Recent hawkish remarks and robust economic indicators have altered the storyline, postponing the potential timing of a Fed rate cut further into 2024, thereby benefiting the index. The index’s outlook remains challenging, as the momentum seen in yields and strong economic data in recent months may begin to diminish, presenting a different narrative for investors as inflationary pressures ease in the later part of 2024.

US Treasuries

US Treasury yields simultaneously rose last week, with the 10-year yield resuming its 2024 upward trend, finding support near 3.94% and crossing 4%. Factors contributing to this increase included a surprise drop in jobless claims to 187,000, strong December retail sales (+0.6%), and hawkish comments from Fed official C. Waller cautioning against rate cuts, which tempered expectations for a rate reduction in the first quarter of 2024 and propelled both yields and the US dollar higher. The 10Y and 2Y yields closed at 4.13% and 4.39%, up from 3.94% and 4.15% the previous week. Odds of the Fed maintaining rates in March 2024 rose to 53%, with a 46% chance of a 25bps rate cut, per the CME FedWatch Tool.
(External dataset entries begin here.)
(** Mutual independence of a family implies independence of any two
    distinct members: take the sub-family {i, j} with full sets elsewhere. *)
Lemma mutually_independent_pair n (X : 'I_n -> {RV P >-> R}) :
  mutually_independent X -> forall i j, i != j ->
  forall A B, measurable A -> measurable B ->
  P (X i @^-1` A `&` X j @^-1` B) = P (X i @^-1` A) * P (X j @^-1` B).
Proof.
move=> indep i j ij A B mA mB.
pose Bf k := if k == i then A else if k == j then B else setT.
have mBf k : measurable (Bf k) by rewrite /Bf; case: ifP => _ //; case: ifP.
have := indep [set i; j]%SET Bf mBf.
rewrite big_setU1 /=; last by rewrite !inE.
rewrite big_set1 /Bf eqxx eq_sym (negbTE ij) eqxx => <-.
congr (P _); apply/seteqP; split => w /=.
- move=> [Ai Bj] k; rewrite !inE => /orP[]/eqP->; first by rewrite eqxx.
  by rewrite eq_sym (negbTE ij) eqxx.
- move=> H; split; first by have := H i; rewrite !inE eqxx /=; apply.
  by have := H j; rewrite !inE eqxx orbT eq_sym (negbTE ij); apply.
Qed.

Lemma independent_noise_white n (e : 'I_n -> {RV P >-> R}) (sigma : R) :
  mutually_independent e ->
  (forall i, (e i : T -> R) \in Lfun P 2%:E) ->
  (forall i, 'E_P[e i] = 0) ->
  (forall i, 'V_P[e i] = (sigma ^+ 2)%:E) ->
  forall i j, 'E_P[(e i : T -> R) \* e j] = (if i == j then sigma ^+ 2 else 0)%:E.
Proof.
move=> indep e2 e0 eV i j; case: eqVneq => [<-|ij].
  have := eV i; rewrite /variance unlock e0 /= => <-.
  congr expectation; apply/funext => w.
  by change (e i w * e i w = (e i w - 0) * (e i w - 0))%R; rewrite subr0.
rewrite expectationM_indep ?e2 //; last exact: mutually_independent_pair.
by rewrite !e0 mule0.
Qed.

End Independence.

Section AffineStatistic.
Context dT (T : measurableType dT) (R : realType) (P : probability T R).
Context (n : nat) (e : 'I_n -> T -> R) (sigma : R).
Local Open Scope ereal_scope.

Hypothesis e_L2 : forall i, e i \in Lfun P 2%:E.
Hypothesis e_centered : forall i, 'E_P[e i] = 0.
Hypothesis e_white :
  forall i j, 'E_P[e i \* e j] = (if i == j then sigma ^+ 2 else 0)%:E.

Definition affine_stat (c : R) (a : 'rV[R]_n) : T -> R :=
  fun w => (c + \sum_(i < n) a 0 i * e i w)%R.

Let e_L1 i : e i \in Lfun P 1.
Proof. by rewrite Lfun_subset12 ?fin_num_measure. Qed.

Let expectation_sum_ord (F : 'I_n -> T -> R) : (forall i, F i \in Lfun P 1) ->
  'E_P[fun w => (\sum_(i < n) F i w)%R] = \sum_(i < n) 'E_P[F i].
Proof.
move=> F1; rewrite -fct_sumE -(big_map F xpredT id) expectation_sum ?big_map //.
by move=> _ /mapP[i _ ->].
Qed.

Let expectation_scale (k : R) (f : T -> R) : f \in Lfun P 1 ->
  'E_P[fun w => (k * f w)%R] = k%:E * 'E_P[f].
Proof.
move=> f1; rewrite -expectationZl //.
by congr expectation; apply/funext => w; rewrite /= mulrC.
Qed.

Let scale_L1 (k : R) (f : T -> R) : f \in Lfun P 1 ->
  (fun w => (k * f w)%R) \in Lfun P 1.
Proof.
move=> f1; suff -> : (fun w => (k * f w)%R) = k \o* f by exact: Lfun_scale.
by apply/funext => w; rewrite /= mulrC.
Qed.

Lemma expectation_affine_stat c a : 'E_P[affine_stat c a] = c%:E.
Proof.
have sum_L1 : (fun w => \sum_(i < n) a 0 i * e i w)%R \in Lfun P 1.
  by rewrite -fct_sumE; apply: rpred_sum => i _; exact: scale_L1.
rewrite /affine_stat -[X in 'E_P[X]]/(cst c \+ _)%R.
rewrite expectationD ?Lfun_cst // expectation_cst.
rewrite expectation_sum_ord; last by move=> i; exact: scale_L1.
by rewrite big1 ?adde0 // => i _; rewrite expectation_scale // e_centered mule0.
Qed.

(** Var[c + a.e] = sigma^2 |a|^2: expanding the square, the cross terms
    vanish by whiteness. *)
Lemma variance_affine_stat c a :
  'V_P[affine_stat c a] = (sigma ^+ 2 * (a *m a^T) 0 0)%:E.
Proof.
rewrite /variance unlock expectation_affine_stat /=.
have -> : ((affine_stat c a \- cst c) * (affine_stat c a \- cst c))%R =
    (fun w => \sum_(i < n) \sum_(j < n) (a 0 i * a 0 j) * (e i w * e j w))%R.
  apply/funext => w; rewrite mulrfctE /affine_stat /= addrC addKr mulr_suml.
  apply: eq_bigr => i _; rewrite mulr_sumr; apply: eq_bigr => j _.
  by rewrite mulrACA.
have ee_L1 i j : (e i \* e j)%R \in Lfun P 1 by exact: Lfun2_mul_Lfun1.
have term_L1 i j := scale_L1 (a 0 i * a 0 j)%R (ee_L1 i j).
rewrite expectation_sum_ord; last first.
  by move=> i; rewrite -fct_sumE; apply: rpred_sum => j _; exact: term_L1.
under eq_bigr => i _ do rewrite (@expectation_sum_ord _ (term_L1 i)).
under eq_bigr => i _ do under eq_bigr => j _ do
  rewrite (expectation_scale _ (ee_L1 i j)) e_white -EFinM.
have diag_sum i : (\sum_(j < n)
    a 0 i * a 0 j * (if i == j then sigma ^+ 2 else 0) = a 0 i * a 0 i * sigma ^+ 2)%R.
  rewrite (bigD1 i) //= eqxx big1 ?addr0 // => j.
  by rewrite eq_sym => /negbTE ->; rewrite mulr0.
under eq_bigr => i _ do rewrite sumEFin diag_sum.
rewrite sumEFin mxE -mulr_suml mulrC; congr (_ * _)%:E.
by apply: eq_bigr => i _; rewrite mxE.
Qed.

End AffineStatistic.

(** The matrix through which the augmented estimator acts on Phi^T Y / n:
    K = (S + lambda)^-1 + (S + delta)^-1 - (S + delta)^-1 S (S + lambda)^-1. *)
Definition augmented_mx (R : realType) (n d : nat) (Phi : 'M[R]_(n, d))
  (lambda delta : R) : 'M[R]_d :=
  let Al := invmx (Sigma_hat Phi + lambda%:M) in
  let Ad := invmx (Sigma_hat Phi + delta%:M) in
  Al + Ad - Ad *m Sigma_hat Phi *m Al.

Lemma psi_hat_linear (R : realType) (n d : nat) (Phi : 'M[R]_(n, d))
  (mu : 'rV[R]_d) (lambda delta : R) (Y : 'cV[R]_n) :
  mu *m beta_ridge Phi lambda Y
    + v_hat Phi mu delta *m (Y - Phi *m beta_ridge Phi lambda Y)
  = mu *m augmented_mx Phi lambda delta *m (n%:R^-1 *: (Phi^T *m Y)).
Proof.
rewrite /beta_ridge /v_hat /augmented_mx.
set Al := invmx _; set Ad := invmx _; set k := n%:R^-1.
have -> : k *: (Al *m Phi^T *m Y) = Al *m (k *: (Phi^T *m Y)).
  by rewrite -mulmxA scalemxAr.
set z := k *: (Phi^T *m Y).
rewrite mulmxBr [X in _ - X]mulmxA.
have -> : k *: (mu *m Ad *m Phi^T) *m Phi = mu *m Ad *m Sigma_hat Phi.
  by rewrite /Sigma_hat -scalemxAl -!mulmxA !scalemxAr.
have -> : k *: (mu *m Ad *m Phi^T) *m Y = mu *m Ad *m z.
  by rewrite /z -scalemxAl -!mulmxA !scalemxAr.
by rewrite !(mulmxDr, mulmxDl, mulmxN, mulNmx, mulmxA) addrA.
Qed.

Lemma psi_hat_affine dT (T : measurableType dT) (R : realType)
  (P : probability T R) (n d : nat) (Phi : 'M[R]_(n, d)) (beta0 : 'cV[R]_d)
  (mu : 'rV[R]_d) (lambda delta : R) (eps : 'I_n -> {RV P >-> R}) :
  let K := augmented_mx Phi lambda delta in
  psi_hat Phi beta0 mu lambda delta eps
  = affine_stat (fun i => eps i : T -> R) ((mu *m K *m Sigma_hat Phi *m beta0) 0 0)
      (n%:R^-1 *: (mu *m K *m Phi^T)).
Proof.
move=> K; apply/funext => w.
rewrite /psi_hat psi_hat_linear /Y_p mulmxDr scalerDr mulmxDr mxE.
rewrite /affine_stat; congr (_ + _).
  by rewrite [Phi^T *m _]mulmxA scalemxAl mulmxA.
rewrite -scalemxAr !mulmxA scalemxAl [LHS]mxE.
by apply: eq_bigr => i _; rewrite /eps_vec !mxE.
Qed.
(* Let $a\in(-1,0)$ and let $f:\mathbb{R}\to\mathbb{R}$ be a smooth odd function, $f(-x_1)=-f(x_1)$, with $f(x_1)\neq 0$ for all $x_1\in[-2\sqrt{3}/9,\,0)$. For $\alpha\in\mathbb{R}$ consider the planar system $$\frac{dx_1}{dt}=F_1(x;\alpha)=a x_1+x_2+\tfrac32 a x_1x_2+\tfrac32 x_2^2+\alpha f(x_1),\qquad \frac{dx_2}{dt}=F_2(x)=x_1+a x_2+a x_2^2 .$$ Then, as $\alpha$ is varied in a neighbourhood of $0$, this system undergoes a supercritical homoclinic bifurcation in a generic way, i.e. at $\alpha=0$ the following hold: (i) the origin is a saddle fixed point with Jacobian eigenvalues $\lambda_1(0)<0<\lambda_2(0)$; (ii) there is a homoclinic orbit $\gamma^*$ to the origin (namely the alpha loop $\{(x_1,x_2): -x_1^2+x_2^2(1+x_2)=0,\ x_2<0\}$); (iii) the saddle quantity $\sigma_0=\lambda_1(0)+\lambda_2(0)$ is nonzero, and in fact $\sigma_0<0$; (iv) the Melnikov integral $$M(0)=\int_{-\infty}^{+\infty}\varphi(t)\Big(F_1\frac{\partial F_2}{\partial\alpha}-F_2\frac{\partial F_1}{\partial\alpha}\Big)\Big|_{x=x(t),\,\alpha=0}\,dt,\qquad \varphi(t)=\exp\Big(-\int_0^t (\nabla\cdot F)(x(\tau);0)\,d\tau\Big),$$ evaluated along the homoclinic orbit $x(t)$ (parametrised so that $x(0)=(0,-1)$), is nonzero.
   Context: A homoclinic orbit to a fixed point $x^*$ is an orbit whose $\alpha$-limit and $\omega$-limit sets both equal $\{x^*\}$. Conditions (i)–(iv) are the bifurcation and genericity conditions of the Andronov–Leontovich theorem; when they hold, for all sufficiently small $|\alpha|$ a unique limit cycle bifurcates from $\gamma^*$ in a neighbourhood of the saddle and the homoclinic orbit, and the bifurcation is called supercritical when $\sigma_0<0$ (the bifurcating limit cycle is then stable). *)

From Stdlib Require Import Reals.
From Coquelicot Require Import Coquelicot.
Open Scope R_scope.

Definition F1 (a : R) (f : R -> R) (alpha x1 x2 : R) : R :=
  a * x1 + x2 + 3/2 * a * x1 * x2 + 3/2 * x2 ^ 2 + alpha * f x1.
Definition F2 (a : R) (x1 x2 : R) : R :=
  x1 + a * x2 + a * x2 ^ 2.

Definition smooth (f : R -> R) : Prop := forall (n : nat) (x : R), ex_derive_n f n x.

Definition J11 a f alpha x1 x2 := Derive (fun y => F1 a f alpha y x2) x1.
Definition J12 a f alpha x1 x2 := Derive (fun y => F1 a f alpha x1 y) x2.
Definition J21 a (x1 x2 : R) := Derive (fun y => F2 a y x2) x1.
Definition J22 a (x1 x2 : R) := Derive (fun y => F2 a x1 y) x2.

Definition jac_eigenvalue a f alpha x1 x2 (lam : R) : Prop :=
  (J11 a f alpha x1 x2 - lam) * (J22 a x1 x2 - lam)
  - J12 a f alpha x1 x2 * J21 a x1 x2 = 0.

Definition divF a f alpha x1 x2 : R := J11 a f alpha x1 x2 + J22 a x1 x2.

Definition alpha_loop (p1 p2 : R) : Prop := - p1 ^ 2 + p2 ^ 2 * (1 + p2) = 0 /\ p2 < 0.

(* The alpha loop is parametrised by x2 = s^2 - 1, x1 = s x2 with s in (-1, 1), and
   along it the unperturbed system reduces to s' = -(1 - s^2)(1 + a s)/2, solved by
   inverting a primitive of the separated equation; s decreases from 1 to -1, so the
   orbit is homoclinic to the saddle at the origin. Along it the Melnikov integrand is
   phi (1 - s^2)(1 + a s) s f(s^3 - s). As s^3 - s ranges over [-2√3/9, 2√3/9] and f is
   odd, continuous and nonvanishing on [-2√3/9, 0), the factor s f(s^3 - s) has the
   constant sign of f(-2√3/9), strictly so for t > 0; comparing with phi (1 ± s), which
   decay exponentially at ±∞, shows the integral converges, so it is nonzero. *)

From Stdlib Require Import Reals Lra Psatz Ranalysis5 Classical.
From Coquelicot Require Import Coquelicot.
Open Scope R_scope.
(* a short loop, identified with its set of four cells (the cyclic orientation
   is then determined by arr) *)
Definition short_loops : {set {set cell}} :=
  [set S : {set cell} | [exists i : 'I_3, exists i' : 'I_3, exists j : 'I_3,
     exists j' : 'I_3, short_loop_at i i' j j' &&
       (S == [set (i, j); (i', j); (i', j'); (i, j')])]].

Definition loops_between_rows (i i' : 'I_3) : {set {set cell}} :=
  [set S in short_loops | [forall c in S, (c.1 == i) || (c.1 == i')]].
Definition loops_between_cols (j j' : 'I_3) : {set {set cell}} :=
  [set S in short_loops | [forall c in S, (c.2 == j) || (c.2 == j')]].

Definition rows_coincide (i i' j j' : 'I_3) : bool :=
  arr (i, j) (i, j') == arr (i', j) (i', j').
Definition cols_coincide (j j' i i' : 'I_3) : bool :=
  arr (i, j) (i', j) == arr (i, j') (i', j').

(* positions = unordered pairs of distinct indices, encoded as (a, b) with a < b *)
Definition positions : {set 'I_3 * 'I_3} := [set p : 'I_3 * 'I_3 | (p.1 < p.2)%N].

Definition n_rows_differ (i i' : 'I_3) : nat :=
  #|[set p in positions | ~~ rows_coincide i i' p.1 p.2]|.
Definition n_rows_coincide (i i' : 'I_3) : nat :=
  #|[set p in positions | rows_coincide i i' p.1 p.2]|.
Definition n_cols_differ (j j' : 'I_3) : nat :=
  #|[set p in positions | ~~ cols_coincide j j' p.1 p.2]|.
Definition n_cols_coincide (j j' : 'I_3) : nat :=
  #|[set p in positions | cols_coincide j j' p.1 p.2]|.

End TD.

From mathcomp Require Import all_boot zify.
Set Implicit Arguments. Unset Strict Implicit. Unset Printing Implicit Defensive.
The 10Y yield and the policy-sensitive 2Y yield are currently exchanging near 4.11% and 4.39% from 3.94% and 4.15% last week, moderately increasing the inversion of the yield curve to 28 bps, from 24 bps last week. The slight increase of the inverted 2yr -10yr curve is reflecting the recent adjustment in investors’ expectations following the hawkish comments and strong economic data, postponing the potential timing of a Fed rate cut further into 2024.